The Constitution specifically bars the president from using
the pardon power to prevent his own impeachment and removal. It adds that any
official removed through impeachment remains fully subject to criminal
prosecution. That provision would make no sense if the president could pardon
himself.
The pardon provision of the Constitution is there to enable
the president to act essentially in the role of a judge of another person’s
criminal case, and to intervene on behalf of the defendant when the president
determines that would be equitable. For example, the president might believe
the courts made the wrong decision about someone’s guilt or about sentencing;
President Barack Obama felt this way about excessive sentences for low-level
drug offenses. Or the president might be impressed by the defendant’s
subsequent conduct and, using powers far exceeding those of a parole board,
might issue a pardon or commutation of sentence.
Other equitable considerations could also weigh in favor of
leniency.
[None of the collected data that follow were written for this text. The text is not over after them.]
(* Let $\rho$ be a normal ruling of a front of a Legendrian link $\Lambda$. For any choice of orientations of $\Lambda$ and of $\Lambda^\rho$, \[ \mathrm{rlk}_2(\rho)\equiv \tfrac12\big(tb(\Lambda)+\chi(\rho)+2e_2(\rho)\big) \pmod 2, \] where $2e_2(\rho)$ is understood as $2(s_-(\rho)+f_+-f_-)$ computed from these orientations.
   Context: Normal ruling: fix a front diagram of $\Lambda$ whose crossings and cusps have distinct $x$-coordinates. A normal ruling $\rho$ is a set of crossings (switches) such that, letting $\Lambda^\rho$ be the front obtained by resolving each switch into two horizontal non-crossing segments: (i) each component of $\Lambda^\rho$ is planar isotopic to the standard front of the maximal-$tb$ Legendrian unknot; (ii) exactly two components of $\Lambda^\rho$ are incident to each switch; (iii) in a small vertical strip around each switch, the two incident ruling disks are either nested or disjoint. $\chi(\rho)=c(\Lambda)-s(\rho)$ with $c(\Lambda)$ the number of right cusps and $s(\rho)$ the number of switches. Given orientations $o$ of $\Lambda$ and $o^\rho$ of $\Lambda^\rho$: $s_-(\rho)$ is the number of negative switches (w.r.t. $o$); a crossing of $\Lambda^\rho$ is flipped if its signs w.r.t. $o$ and $o^\rho$ differ; $f_\pm$ is the number of flipped crossings that are positive/negative w.r.t. $o^\rho$. The unoriented resolution linking number $\mathrm{rlk}_2(\rho)$ is the mod $2$ reduction of the sum of the pairwise linking numbers of the components of $\Lambda^\rho$, with any chosen orientation of the components. *)

From Stdlib Require Import Relations ClassicalDescription.
From mathcomp Require Import all_boot all_order all_algebra.
From mathcomp Require Import intdiv.
Set Implicit Arguments. Unset Strict Implicit. Unset Printing Implicit Defensive.
Import Order.TTheory GRing.Theory Num.Theory.

(* Combinatorial model of a generic front diagram whose crossings and cusps  *)
(* have distinct x-coordinates: the sequence, from left to right, of its     *)
(* elementary events.  Between events the front consists of [width F t]      *)
(* horizontal strands, numbered 0,1,... from bottom to top ("slice" t is the *)
(* vertical line just after the first t events).                            *)
(*   LC k : a left cusp, creating two new strands at positions k, k+1;       *)
(*   RC k : a right cusp, where the strands at positions k, k+1 meet;        *)
(*   X k  : a crossing of the strands at positions k and k+1.               *)
Inductive event := LC of nat | RC of nat | X of nat.

Definition front := seq event.

Definition ev (F : front) (t : nat) : event := nth (X 0) F t.

Definition step (n : nat) (e : event) : nat :=
  match e with LC _ => n.+2 | RC _ => n.-2 | X _ => n end.

Definition width (F : front) (t : nat) : nat := foldl step 0 (take t F).

Definition valid_front (F : front) : Prop :=
  (forall t, t < size F ->
     match ev F t with
     | LC k => k <= width F t
     | RC k => k.+1 < width F t
     | X k => k.+1 < width F t
     end) /\ width F (size F) = 0.

(* A point (t, p): the strand at position p of slice t. *)
Definition point := (nat * nat)%type.

(* Where the strand at position p of slice t continues in slice t+1, after
   resolving the crossings in the set S of switches (S = pred0 : the front of
   Lambda itself; S = rho : the resolved front Lambda^rho). *)
Definition next_pos (F : front) (S : pred nat) (t p : nat) : option nat :=
  match ev F t with
  | LC k => Some (if p < k then p else p.+2)
  | RC k => if p < k then Some p else if p < k.+2 then None else Some (p - 2)
  | X k => if S t then Some p
           else Some (if p == k then k.+1 else if p == k.+1 then k else p)
  end.

Definition sedge (F : front) (S : pred nat) (P Q : point) : Prop :=
  [/\ P.1 < size F, P.2 < width F P.1, Q.1 = P.1.+1
    & next_pos F S P.1 P.2 = Some Q.2].

Definition cedge (F : front) (P Q : point) : Prop :=
  exists t k, t < size F /\
   ((ev F t = LC k /\ P = (t.+1, k) /\ Q = (t.+1, k.+1)) \/
    (ev F t = RC k /\ P = (t, k) /\ Q = (t, k.+1))).

Definition connected (F : front) (S : pred nat) : relation point :=
  clos_refl_sym_trans point (fun P Q => sedge F S P Q \/ cedge F P Q).

(* An orientation: d P = true iff the strand through P is oriented from left
   to right.  The direction is preserved along strands and reversed at cusps. *)
Definition is_orientation (F : front) (S : pred nat) (d : point -> bool) : Prop :=
  (forall P Q, sedge F S P Q -> d P = d Q) /\
  (forall P Q, cedge F P Q -> d P <> d Q).

(* Sign of the crossing between the strands at positions k, k+1 at event t:
   in a front, a crossing is positive iff both strands point in the same
   x-direction. *)
Definition xsign (d : point -> bool) (t k : nat) : int :=
  if d (t, k) == d (t, k.+1) then 1%R else (-1)%R.

Definition is_crossing (F : front) (t : nat) : bool :=
  if ev F t is X _ then true else false.

Definition xpos (F : front) (t : nat) : nat :=
  match ev F t with LC k | RC k | X k => k end.

Definition is_lcusp (F : front) (t : nat) : bool :=
  if ev F t is LC _ then true else false.
Definition is_rcusp (F : front) (t : nat) : bool :=
  if ev F t is RC _ then true else false.

Definition pb (P : Prop) : bool :=
  if excluded_middle_informative P then true else false.

Definition nested_or_disjoint (x1 y1 x2 y2 : nat) : bool :=
  [|| y1 < x2, y2 < x1, (x1 <= x2) && (y2 <= y1) | (x2 <= x1) && (y1 <= y2)].

Definition normal_ruling (F : front) (rho : pred nat) : Prop :=
  (forall t, rho t -> t < size F /\ is_crossing F t) /\
  (* (i) every component of Lambda^rho is a standard max-tb unknot front:
     exactly one left cusp, exactly one right cusp, no self-crossing *)
  (forall P : point, P.1 <= size F -> P.2 < width F P.1 ->
     (exists! t, t < size F /\ is_lcusp F t /\
                 connected F rho P (t.+1, xpos F t)) /\
     (exists! t, t < size F /\ is_rcusp F t /\
                 connected F rho P (t, xpos F t))) /\
  (forall t, t < size F -> is_crossing F t -> ~~ rho t ->
     ~ connected F rho (t, xpos F t) (t, (xpos F t).+1)) /\
  (* (ii) exactly two components of Lambda^rho are incident to each switch *)
  (forall t, rho t -> ~ connected F rho (t, xpos F t) (t, (xpos F t).+1)) /\
  (* (iii) near each switch, the two ruling disks are nested or disjoint;
     a (resp. b) is the position of the other strand of the component of the
     strand at position k (resp. k+1) at the switch *)
  (forall t a b, rho t ->
     let k := xpos F t in
     a < width F t -> b < width F t -> a != k -> b != k.+1 ->
     connected F rho (t, k) (t, a) -> connected F rho (t, k.+1) (t, b) ->
     nested_or_disjoint (minn k a) (maxn k a) (minn k.+1 b) (maxn k.+1 b)).

Local Open Scope ring_scope.

Definition writhe (F : front) (d : point -> bool) : int :=
  \sum_(t < size F | is_crossing F t) xsign d t (xpos F t).

Definition ncusps (F : front) : nat := \sum_(t < size F | is_rcusp F t) 1%N.

Definition tb (F : front) (d : point -> bool) : int :=
  writhe F d - (ncusps F)%:Z.

Definition nswitches (F : front) (rho : pred nat) : nat :=
  \sum_(t < size F | rho t) 1%N.

Definition chi (F : front) (rho : pred nat) : int :=
  (ncusps F)%:Z - (nswitches F rho)%:Z.

Definition nswitches_neg (F : front) (rho : pred nat) (o : point -> bool) : nat :=
  \sum_(t < size F | rho t && (xsign o t (xpos F t) == -1)) 1%N.

Definition flipped (F : front) (rho : pred nat) (o orho : point -> bool) (t : nat) : bool :=
  [&& is_crossing F t, ~~ rho t & xsign o t (xpos F t) != xsign orho t (xpos F t)].

Definition fplus (F : front) (rho : pred nat) (o orho : point -> bool) : nat :=
  \sum_(t < size F | flipped F rho o orho t && (xsign orho t (xpos F t) == 1)) 1%N.

Definition fminus (F : front) (rho : pred nat) (o orho : point -> bool) : nat :=
  \sum_(t < size F | flipped F rho o orho t && (xsign orho t (xpos F t) == -1)) 1%N.

(* e_2(rho) := s_-(rho) + f_+ - f_- ; the paper writes 2 e_2 for 2 times this *)
Definition e2 (F : front) (rho : pred nat) (o orho : point -> bool) : int :=
  (nswitches_neg F rho o)%:Z + (fplus F rho o orho)%:Z - (fminus F rho o orho)%:Z.

(* Components of Lambda^rho are indexed by their (unique) left cusp: the
   component of left cusp i contains the point (i+1, xpos F i). *)
Definition lcusp_pt (F : front) (i : nat) : point := (i.+1, xpos F i).

Definition crossing_between (F : front) (rho : pred nat) (i j t : nat) : bool :=
  [&& is_crossing F t, ~~ rho t &
   pb ((connected F rho (t, xpos F t) (lcusp_pt F i) /\
        connected F rho (t, (xpos F t).+1) (lcusp_pt F j)) \/
       (connected F rho (t, xpos F t) (lcusp_pt F j) /\
        connected F rho (t, (xpos F t).+1) (lcusp_pt F i)))].

Definition lk (F : front) (rho : pred nat) (orho : point -> bool) (i j : nat) : int :=
  ((\sum_(t < size F | crossing_between F rho i j t) xsign orho t (xpos F t)) %/ 2)%Z.

Definition rlk (F : front) (rho : pred nat) (orho : point -> bool) : int :=
  \sum_(i < size F | is_lcusp F i)
    \sum_(j < size F | is_lcusp F j && (i < j)%N) lk F rho orho i j.

(* Crossing by crossing, the switches contribute nothing to tb + chi + 2 e_2
   (sign, -1, and +2 exactly when negative), and at the other crossings the
   flip correction turns the sign for o into the sign for o^rho; so
   tb + chi + 2 e_2 is the writhe of Lambda^rho.  No crossing of Lambda^rho is
   a self-crossing of a ruling component, so this writhe is the sum, over pairs
   of components, of their signed crossing counts, which is 2 rlk as soon as
   each such count is even.  For evenness, sweep a vertical line across the
   front and count the pairs (strand of component i, strand of component j
   above it): a cusp adds or removes two adjacent strands of one component and
   changes this count by an even number, a crossing changes its parity exactly
   when it is between i and j, and both end slices are empty. *)

From Stdlib Require Import Relations ClassicalDescription.
From mathcomp Require Import all_boot all_order all_algebra.
From mathcomp Require Import intdiv zify ring.
Set Implicit Arguments. Unset Strict Implicit. Unset Printing Implicit Defensive.
Import Order.TTheory GRing.Theory Num.Theory.

Fixpoint ordered_pairs (s : seq (bool * bool)) : nat :=
  if s is x :: s' then x.1 * count snd s' + ordered_pairs s' else 0.

Lemma ordered_pairs_cat s1 s2 :
  ordered_pairs (s1 ++ s2) =
  ordered_pairs s1 + ordered_pairs s2 + count fst s1 * count snd s2.
Proof.
elim: s1 => [|x s1 IH] /=; first by rewrite mul0n addn0.
by rewrite IH count_cat; case: x => [[] []] /=; lia.
Qed.

Lemma odd_ordered_pairs_swap s1 s2 x y : ~~ (x.1 && x.2) -> ~~ (y.1 && y.2) ->
  odd (ordered_pairs (s1 ++ [:: y, x & s2])) =
  odd (ordered_pairs (s1 ++ [:: x, y & s2])) (+) ((x.1 && y.2) || (x.2 && y.1)).
Proof.
rewrite !ordered_pairs_cat /=.
by case: x => [[] []]; case: y => [[] []] //= _ _; rewrite ?addbT ?addbF -?oddS; lia.
Qed.

Lemma odd_ordered_pairs_double s1 s2 x : ~~ (x.1 && x.2) ->
  odd (ordered_pairs (s1 ++ [:: x, x & s2])) = odd (ordered_pairs (s1 ++ s2)).
Proof. by rewrite !ordered_pairs_cat /=; case: x => [[] []] //= _; lia. Qed.

Lemma iota0_cut k n : k <= n -> iota 0 n = iota 0 k ++ iota k (n - k).
Proof. by move=> le_kn; rewrite -{1}(subnKC le_kn) iotaD. Qed.

Lemma iota0_around k n : k.+1 < n ->
  iota 0 n = iota 0 k ++ [:: k, k.+1 & iota k.+2 (n - k.+2)].
Proof.
move=> lt_kn; rewrite (iota0_cut (ltnW (ltnW lt_kn))).
by have -> : n - k = (n - k.+2).+2 by lia.
Qed.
A president might choose to grant a pardon before prosecution of a
person when the president believes that the prosecution is not in the national
interest; President Gerald Ford pardoned Nixon in part for this reason.
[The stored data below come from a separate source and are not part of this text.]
(* Let $I_1,I_2>0$ with $I_1\neq I_2$, $\alpha_i=1+I_i$, $\beta_i=1-I_i$, and $M>0$. Consider the system on $\mathbb{R}^2$ $$\dot\theta_1=\alpha_1+\beta_1\cos\theta_1+(1-\cos\theta_1)u,\qquad \dot\theta_2=\alpha_2+\beta_2\cos\theta_2+(1-\cos\theta_2)u,$$ with measurable controls satisfying $|u(t)|\le M$, and the time-optimal control problem of steering $(\theta_1,\theta_2)(0)=(0,0)$ to $(\theta_1,\theta_2)(T)=(2m_1\pi,2m_2\pi)$, $m_1,m_2$ positive integers, in minimum time $T$. Then for any extremal of this problem given by Pontryagin's maximum principle (Hamiltonian $H=\lambda_0+\langle\lambda, f+Zu\rangle$ with $f=(\alpha_1+\beta_1\cos\theta_1,\alpha_2+\beta_2\cos\theta_2)'$, $Z=(1-\cos\theta_1,1-\cos\theta_2)'$), the switching function $\phi(t)=\langle\lambda(t),Z(\Theta(t))\rangle$ does not vanish identically on any time interval of positive length. Consequently a minimum-time control is bang-bang: $u(t)=M$ when $\phi(t)<0$ and $u(t)=-M$ when $\phi(t)>0$, so that $u(t)\in\{-M,M\}$ for almost every $t$.
   Context: Here $\lambda(t)\in\mathbb{R}^2$ is the costate of the maximum principle (nonzero, satisfying the adjoint equation $\dot\lambda=-\partial H/\partial\Theta$), and the optimal control minimizes the Hamiltonian pointwise over $|u|\le M$. *)

From Stdlib Require Import Reals Lra List.
Import ListNotations.
Open Scope R_scope.

(** Lebesgue-null subsets of R: coverable by countably many open intervals
    of arbitrarily small total length. *)
Definition negligible (N : R -> Prop) : Prop :=
  forall eps : R, 0 < eps ->
    exists a b : nat -> R,
      (forall n, a n <= b n) /\
      (forall x, N x -> exists n, a n < x < b n) /\
      (forall n, sum_f_R0 (fun k => b k - a k) n <= eps).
Or a president may conclude that even if a person may have
committed a crime, he was acting in good faith to protect the national
interest; President George H.W. Bush pardoned former defense secretary Caspar
Weinberger in the Iran-contra affair in part for this reason.
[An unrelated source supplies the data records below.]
(* Let $(X,\beta,\kappa)$ be an analytically locally compact space (AnLCS). Then $FO(\mathbf{\Sigma}^0_1(X))\leq_m FO(\mathbb{N}_2)$.
   Context: For a topological space $X$, $\mathbf{\Sigma}^0_1(X)$ denotes the lattice of all open subsets of $X$ (ordered by inclusion), and $FO(\mathbb{A})$ denotes the set of first-order sentences (in the signature of $\mathbb{A}$) true in a structure $\mathbb{A}$; for lattices of sets the signature may be taken to be $\{\subseteq\}$. $\leq_m$ is many-one reducibility of sets of sentences (coded by natural numbers). $\mathbb{N}_2=(\omega\cup P(\omega);\omega,P(\omega),\in,+,\times)$ is the structure of second-order arithmetic, so $FO(\mathbb{N}_2)$ is (equivalent to) the full second-order theory of arithmetic. Let $\{D_n\}$ be the canonical numbering of finite subsets of $\omega$. An analytically locally compact space (AnLCS) is a triple $(X,\beta,\kappa)$ where $X$ is a topological space, $\beta:\omega\to P(X)$ is a numbering of a base of $X$ that contains the empty set, and $\kappa:\omega\to P(X)$ is a numbering of some compact subsets of $X$, such that each $\beta_n$ is a union of some sets from $\{\kappa_i\mid i<\omega\}$, and the relation $\{(i,n)\mid \kappa_i\subseteq\bigcup_{a\in D_n}\beta_a\}$ is analytical (i.e. belongs to $\bigcup_n\Sigma^1_n$ of the analytical hierarchy of subsets of $\omega$). *)

From Stdlib Require Import Arith List.
Import ListNotations.

Definition subset {X : Type} (A B : X -> Prop) : Prop := forall x, A x -> B x.

Record is_topology {X : Type} (opn : (X -> Prop) -> Prop) : Prop := {
  top_ext : forall U V : X -> Prop, (forall x, U x <-> V x) -> opn U -> opn V;
  top_full : opn (fun _ => True);
  top_union : forall F : (X -> Prop) -> Prop,
      (forall U, F U -> opn U) -> opn (fun x => exists U, F U /\ U x);
  top_inter : forall U V, opn U -> opn V -> opn (fun x => U x /\ V x)
}.

Definition compact {X : Type} (opn : (X -> Prop) -> Prop) (K : X -> Prop) : Prop :=
  forall F : (X -> Prop) -> Prop,
    (forall U, F U -> opn U) ->
    (forall x, K x -> exists U, F U /\ U x) ->
    exists l : list (X -> Prop),
      (forall U, In U l -> F U) /\ (forall x, K x -> exists U, In U l /\ U x).

Definition is_base {X : Type} (opn : (X -> Prop) -> Prop) (beta : nat -> X -> Prop) : Prop :=
  (forall n, opn (beta n)) /\
  (forall U, opn U -> forall x, U x -> exists n, beta n x /\ subset (beta n) U).

(* Canonical numbering of finite sets: D_n = { i | bit i of n is 1 } *)
Definition D (n : nat) (i : nat) : Prop := Nat.testbit n i = true.

Definition cpair (a b : nat) : nat := (a + b) * (a + b + 1) / 2 + b.

Inductive prog : Type :=
| PZero : prog
| PSucc : prog
| PProj : nat -> prog               (* i-th argument (0-based) *)
| PComp : prog -> list prog -> prog
| PRec : prog -> prog -> prog
| PMu : prog -> prog.

Inductive eval : prog -> list nat -> nat -> Prop :=
| ev_zero : forall args, eval PZero args 0
| ev_succ : forall x args, eval PSucc (x :: args) (S x)
| ev_proj : forall i args y, nth_error args i = Some y -> eval (PProj i) args y
| ev_comp : forall f gs args ys y,
    evals gs args ys -> eval f ys y -> eval (PComp f gs) args y
| ev_rec0 : forall f g args y, eval f args y -> eval (PRec f g) (0 :: args) y
| ev_recS : forall f g n args z y,
    eval (PRec f g) (n :: args) z -> eval g (n :: z :: args) y ->
    eval (PRec f g) (S n :: args) y
| ev_mu : forall f args n,
    eval f (n :: args) 0 ->
    (forall m, m < n -> exists k, eval f (m :: args) (S k)) ->
    eval (PMu f) args n
with evals : list prog -> list nat -> list nat -> Prop :=
| evs_nil : forall args, evals [] args []
| evs_cons : forall g gs args y ys,
    eval g args y -> evals gs args ys -> evals (g :: gs) args (y :: ys).

Definition computable (f : nat -> nat) : Prop :=
  exists p : prog, forall n, eval p [n] (f n).

Definition many_one_le (A B : nat -> Prop) : Prop :=
  exists f : nat -> nat, computable f /\ forall n, A n <-> B (f n).

(* First-order language of lattices of sets: signature { subseteq }    *)
Inductive lform : Type :=
| LSub : nat -> nat -> lform
| LEq : nat -> nat -> lform
| LNot : lform -> lform
| LAnd : lform -> lform -> lform
| LOr : lform -> lform -> lform
| LImp : lform -> lform -> lform
| LAll : nat -> lform -> lform
| LEx : nat -> lform -> lform.

Fixpoint lcode (p : lform) : nat :=
  match p with
  | LSub i j => cpair 0 (cpair i j)
  | LEq i j => cpair 1 (cpair i j)
  | LNot q => cpair 2 (lcode q)
  | LAnd q r => cpair 3 (cpair (lcode q) (lcode r))
  | LOr q r => cpair 4 (cpair (lcode q) (lcode r))
  | LImp q r => cpair 5 (cpair (lcode q) (lcode r))
  | LAll i q => cpair 6 (cpair i (lcode q))
  | LEx i q => cpair 7 (cpair i (lcode q))
  end.

Fixpoint lfree_in (bd : nat -> Prop) (p : lform) : Prop :=
  match p with
  | LSub i j | LEq i j => bd i /\ bd j
  | LNot q => lfree_in bd q
  | LAnd q r | LOr q r | LImp q r => lfree_in bd q /\ lfree_in bd r
  | LAll i q | LEx i q => lfree_in (fun k => k = i \/ bd k) q
  end.

Definition lsentence (p : lform) : Prop := lfree_in (fun _ => False) p.

Definition upd {A : Type} (rho : nat -> A) (i : nat) (a : A) : nat -> A :=
  fun k => if Nat.eqb k i then a else rho k.

Fixpoint lsat {X : Type} (opn : (X -> Prop) -> Prop) (rho : nat -> X -> Prop)
  (p : lform) : Prop :=
  match p with
  | LSub i j => subset (rho i) (rho j)
  | LEq i j => forall x, rho i x <-> rho j x
  | LNot q => ~ lsat opn rho q
  | LAnd q r => lsat opn rho q /\ lsat opn rho r
  | LOr q r => lsat opn rho q \/ lsat opn rho r
  | LImp q r => lsat opn rho q -> lsat opn rho r
  | LAll i q => forall U, opn U -> lsat opn (upd rho i U) q
  | LEx i q => exists U, opn U /\ lsat opn (upd rho i U) q
  end.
In all such instances, however, the president is acting as a
kind of super-judge and making a decision about someone else’s conduct, the
justice of someone else’s sentence or whether it is in the national interest to
prosecute someone else. He is not making a decision about himself.
Self-pardon under this rubric is impossible. The foundational
case in the Anglo-American legal tradition is Thomas Bonham v. College of
Physicians, commonly known as Dr. Bonham’s Case. In 1610, the Court of Common
Pleas determined that the College of Physicians could not act as a court and a
litigant in the same case. The college’s royal charter had given it the
authority to punish individuals who practiced without a license. However, the
court held that it was impermissible for the college to receive a fine that it
had the power to inflict: “One cannot be Judge and attorney for any of the
parties.”
The Constitution embodies this broad precept against self-dealing in
its rule that congressional pay increases cannot take effect during the
Congress that enacted them, in its prohibition against using official power to
gain favors from foreign states and even in its provision that the chief
justice, not the vice president, is to preside when the Senate conducts an
impeachment trial of the president.
The Constitution’s pardon clause has its origins in the
royal pardon granted by a sovereign to one of his or her subjects. We are aware
of no precedent for a sovereign pardoning himself, then abdicating or being
deposed but being immune from criminal process. If that were the rule, many a
deposed king would have been spared instead of going to the chopping block.
We know of not a single instance of a self-pardon having
been recognized as legitimate. Even the pope does not pardon himself. On March
28, 2014, in St. Peter’s Basilica, Pope Francis publicly kneeled before a priest and confessed
his sins for about three minutes.
President Trump thinks he can do a lot of things just
because he is president. He says that the president can act as if he has no
conflicts of interest. He says that he can fire the FBI director for any reason
he wants (and he admitted to the most outrageous of reasons in interviews and in discussion with the Russian ambassador). In
one sense, Trump is right — he can do all of these things, although there will
be legal repercussions if he does. Using official powers for corrupt purposes —
such as impeding or obstructing an investigation — can constitute a crime.
But there is one thing we know that Trump cannot do —
without being a first in all of human history. He cannot pardon himself.